Adoptive Transfer Reveals That T Cell-Derived Reactive Oxygen Species Contributes To Pregnancy-Induced Renal Damage In The Dahl SS Rat

Previous work from our lab demonstrated that Dahl SS rats develop a pregnancy-specific increase in blood pressure and proteinuria, also known as maternal syndrome (MS). Both T cells and reactive oxygen species (ROS) have been implicated in MS, and genetic deletion of either resulted in protection from MS in the Dahl SS rat.

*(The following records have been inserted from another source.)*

Lemma haar_coef_level n y k : (S k <= n)%nat ->
  sumR (fun p => sumR (fun m => local_disc y (grid_level n p) m * haar_grid n y (S k) p m * riesz_grid n y k p m) (pow2 n)) (pow2 (n + 2))
  <= - (3/4) * grid_step n * INR (pow2 (n - 1)) ^ 2 * INR (pow2 n).
Proof. intros Hk. destruct (Nat.le_exists_sub (S k) n Hk) as [d [Hd _]]. rewrite Nat.add_comm in Hd. subst n.
  replace (S k + d + 2)%nat with (S (S k) + S d)%nat by lia. rewrite (pow2_add (S (S k)) (S d)), sumR_block.
  rewrite (sumR_ext _ (fun P => sumR (fun M => sumR (fun p' => sumR (fun m' =>
     local_disc y (grid_level (S k + d) (P * pow2 (S d) + p')) (M * pow2 (S k) + m') *
     haar_grid (S k + d) y (S k) (P * pow2 (S d) + p') (M * pow2 (S k) + m') *
     riesz_grid (S k + d) y k (P * pow2 (S d) + p') (M * pow2 (S k) + m')) (pow2 (S k))) (pow2 (S d))) (pow2 d))).
  2:{ intros P _. etransitivity; [|apply sumR_swap]. apply sumR_ext. intros p' _.
      replace (pow2 (S k + d)) with (pow2 d * pow2 (S k))%nat by (rewrite <- pow2_add; f_equal; lia). apply sumR_block. }
  set (c := (3/4) * grid_step (S k + d) * INR (pow2 d) ^ 2 * INR (pow2 k) ^ 2).
  apply Rle_trans with (sumR (fun P => sumR (fun M => - c * (1 - occupied (S k + d) y (S k) P M)) (pow2 d)) (pow2 (S (S k)))).
  { apply sumR_le; intros; apply sumR_le; intros. eapply Rle_trans; [apply haar_coef_box|]. right; unfold c; ring. }
  rewrite (sumR_ext _ (fun P => sumR (fun M => - c + c * occupied (S k + d) y (S k) P M) (pow2 d))).
  2:{ intros; apply sumR_ext; intros; ring. }
  rewrite (sumR_ext _ (fun P => INR (pow2 d) * (- c) + c * sumR (fun M => occupied (S k + d) y (S k) P M) (pow2 d))).
  2:{ intros. rewrite sumR_plus, sumR_const, sumR_scal. auto. }
  rewrite sumR_plus, sumR_const, sumR_scal.
  pose proof (occupied_count (S k + d) y (S k) (pow2 (S (S k))) (pow2 d)) as Hc.
  assert (Hc0 : 0 <= c). { unfold c. pose proof (grid_step_pos (S k + d)).
    apply Rmult_le_pos; [apply Rmult_le_pos; [apply Rmult_le_pos|]|]; try lra; apply pow2_ge_0. }
  assert (E1 : INR (pow2 d * pow2 (S k)) = INR (pow2 (S k + d))) by (f_equal; rewrite <- pow2_add; f_equal; lia).
  assert (E2 : INR (pow2 (S (S k))) * INR (pow2 d) = 2 * INR (pow2 (S k + d))).
  { rewrite <- mult_INR. replace (pow2 (S (S k)) * pow2 d)%nat with (2 * pow2 (S k + d))%nat. rewrite mult_INR; auto.
    rewrite (pow2_S (S k)), pow2_add. lia. }
  assert (E3 : INR (pow2 (S k + d - 1)) = INR (pow2 d) * INR (pow2 k)).
  { rewrite <- mult_INR, <- pow2_add. f_equal. f_equal. lia. }
  rewrite E1 in Hc. rewrite E3.
  replace (- (3 / 4) * grid_step (S k + d) * (INR (pow2 d) * INR (pow2 k)) ^ 2 * INR (pow2 (S k + d))) with
    (- c * INR (pow2 (S k + d))) by (unfold c; ring).
  replace (INR (pow2 (S (S k))) * (INR (pow2 d) * - c)) with (- c * (INR (pow2 (S (S k))) * INR (pow2 d))) by ring.
  rewrite E2. apply Rmult_le_compat_l with (r := c) in Hc; auto. lra.
Qed.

Therefore, we tested the hypothesis that ROS produced from T cells contributes to the development of MS in the Dahl SS. An adoptive transfer of splenocytes was utilized to reconstitute T cells from wild type Dahl SS (SS→CD247) or SS p67phox-/- (p67phox→CD247), which lack the ability to generate NOX2-derived ROS, into SS CD247-/- rats by intraperitoneal injection at postnatal day 5 to investigate the oxidative capacity of T cells. Injected SS CD247-/- rats were mated at 9-11 weeks of age with naïve littermate males, and virgin controls were run in parallel. Baseline protein excretion rates were comparable between mated groups (72±12 vs 66±9 mg/day, p> 0.05, n=10/group, SS→CD247 vs p67phox→CD247, respectively), yet the SS→CD247 develop an increase in proteinuria throughout pregnancy that is significantly elevated relative to p67phox→CD247 rats (217±65 vs 114±14 mg/day, p< 0.05). There was a trending decrease in creatinine clearance in the SS→CD247 vs p67phox→CD247 at the end of the study (0.37±0.03 vs 0.46±0.06, p =0.1), but MAP did not differ between groups. There was however, an increase in uterine artery resistance index as assessed by Doppler ultrasound at GD20 in the SS→CD247 relative p67phox→CD247 (0.72±0.03 vs 0.61±0.02, p <0.01) indicating an impairment in blood flow leading to the placenta. While, there was no difference observed in the number of infiltrating leukocytes into the kidneys between SS→CD247 vs p67phox→CD247, a significant correlation was observed between the number of infiltrating CD4+ T cells and the late pregnancy proteinuria levels (R 2 =0.7973) in the SS→CD247 mated group while no correlation was observed in the p67phox→CD247 (R 2 =0.0472). Taken together, adoptive transfer of T cells lacking NOX2 into SS CD247-/- rats fails to induce pregnancy associated renal damage and uterine artery blood flow impairment indicating a potential role for ROS in MS.